Task description => The required answer is a copy of each line in the entries below that includes "funext".

Material provided =>
---*---
Lemma is_derive_exprn_mulr k a t :
  is_derive t 1 (fun s => s ^+ k * a) (k%:R * t ^+ k.-1 * a).
Proof.
have := is_deriveM (is_deriveX k (@is_derive_id _ _ t 1)) (is_derive_cst a t 1).
rewrite exprfctE => /is_derive_eq; apply.
by rewrite /= /GRing.scale /=; ring.
Qed.

Lemma is_derive_cos_sin a b t :
  is_derive t 1 (fun s => cos s * a + sin s * b) (- sin t * a + cos t * b).
Proof.
apply: (is_derive_eq (is_deriveD (is_deriveM (is_derive_cos t) (is_derive_cst a t 1))
                                 (is_deriveM (is_derive_sin t) (is_derive_cst b t 1)))).
by rewrite /= /GRing.scale /=; ring.
Qed.

Lemma derive1_row p (h : R -> 'rV[R]_p) (t : R) :
  (forall q, derivable (fun s => h s 0 q) t 1) ->
  derive1 h t = \row_q derive1 (fun s => h s 0 q) t.
Proof.
move=> dh; have dh' : derivable h t 1 by apply/derivable_mxP => i j; rewrite ord1.
rewrite derive1E (derive_mx dh'); apply/matrixP => i j.
by rewrite !mxE ord1 derive1E.
Qed.

End RealDerivatives.

Section HomogeneousPolynomials.
Variables (R : realType) (m k : nat).
Implicit Types (f : 'rV[R]_m.+1 -> R) (x : 'rV[R]_m.+1).

Lemma homog_polyfun f : homog_poly k f -> polyfun f.
Proof.
case=> c /funext ->; apply: polyfun_sum => a.
apply/polyfun_scale/polyfun_prod => i; exact/polyfun_exp/polyfun_coord.
Qed.

Lemma homog_polyZ f s x : homog_poly k f -> f (s *: x) = s ^+ k * f x.
Proof.
case=> c hf; rewrite !hf big_distrr; apply: eq_bigr => a /eqP ha.
under eq_bigr do rewrite mxE exprMn.
by rewrite big_split /= prodrXr ha; ring.
Qed.

Lemma is_derive_scale_coord x (t : R) i :
  is_derive t 1 (fun s : R => (s *: x) 0 i) (x 0 i).
Proof.
under eq_fun do rewrite mxE.
by apply: (is_derive_eq (is_derive_exprn_mulr 1 _ _)); rewrite expr0 !mul1r.
Qed.

Lemma homog_euler f x s : homog_poly k f ->
  \sum_i x 0 i * 'D_(ebase i) f (s *: x) = k%:R * s ^+ k.-1 * f x.
Proof.
move=> hf; apply: (is_derive_unique (g := f \o (fun u => u *: x)) (t := s)).
  exact: is_derive_comp_polyfun (homog_polyfun hf) (is_derive_scale_coord x s).
rewrite (_ : f \o _ = fun u => u ^+ k * f x); first exact: is_derive_exprn_mulr.
by apply/funext => u; rewrite /= homog_polyZ.
Qed.

Lemma homog_euler2 f x : homog_poly k f ->
  \sum_i x 0 i * \sum_j x 0 j * 'D_(ebase j) ('D_(ebase i) f) x =
  k%:R * k.-1%:R * f x.
Proof.
move=> hf; pose g s := \sum_i x 0 i * 'D_(ebase i) f (s *: x).
have dg : is_derive (1 : R) 1 g
    (\sum_i x 0 i * \sum_j x 0 j * 'D_(ebase j) ('D_(ebase i) f) x).
  apply: is_derive_sumr => i; apply: is_derive_scaler.
  have := is_derive_comp_polyfun (polyfun_derive (ebase i) (homog_polyfun hf))
    (is_derive_scale_coord x 1).
  by rewrite scale1r.
have dg' : is_derive (1 : R) 1 g (k.-1%:R * 1 ^+ k.-2 * (k%:R * f x)).
  rewrite (_ : g = fun s => s ^+ k.-1 * (k%:R * f x)); first exact: is_derive_exprn_mulr.
  by apply/funext => s; rewrite /g homog_euler //; ring.
by rewrite (is_derive_unique dg dg') expr1n; ring.
Qed.

End HomogeneousPolynomials.

Section GreatCircles.
Variables (R : realType) (n : nat).
Implicit Types (f : 'rV[R]_n -> R) (x e : 'rV[R]_n).

Definition great_circle x e (t : R) : 'rV[R]_n := cos t *: x + sin t *: e.

Lemma great_circle0 x e : great_circle x e 0 = x.
Proof. by rewrite /great_circle cos0 sin0 scale1r scale0r addr0. Qed.

Lemma is_derive_great_circle f x e (t : R) : polyfun f ->
  is_derive t 1 (f \o great_circle x e)
    (\sum_i (- sin t * x 0 i + cos t * e 0 i) *
             'D_(ebase i) f (great_circle x e t)).
Proof.
move=> pf; apply: (is_derive_comp_polyfun pf) => i.
by rewrite /great_circle; under eq_fun do rewrite !mxE; apply: is_derive_cos_sin.
Qed.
---*---
Answer space =>
case=> c /funext ->; apply: polyfun_sum => a.
by apply/funext => u; rewrite /= homog_polyZ.
  by apply/funext => s; rewrite /g homog_euler //; ring.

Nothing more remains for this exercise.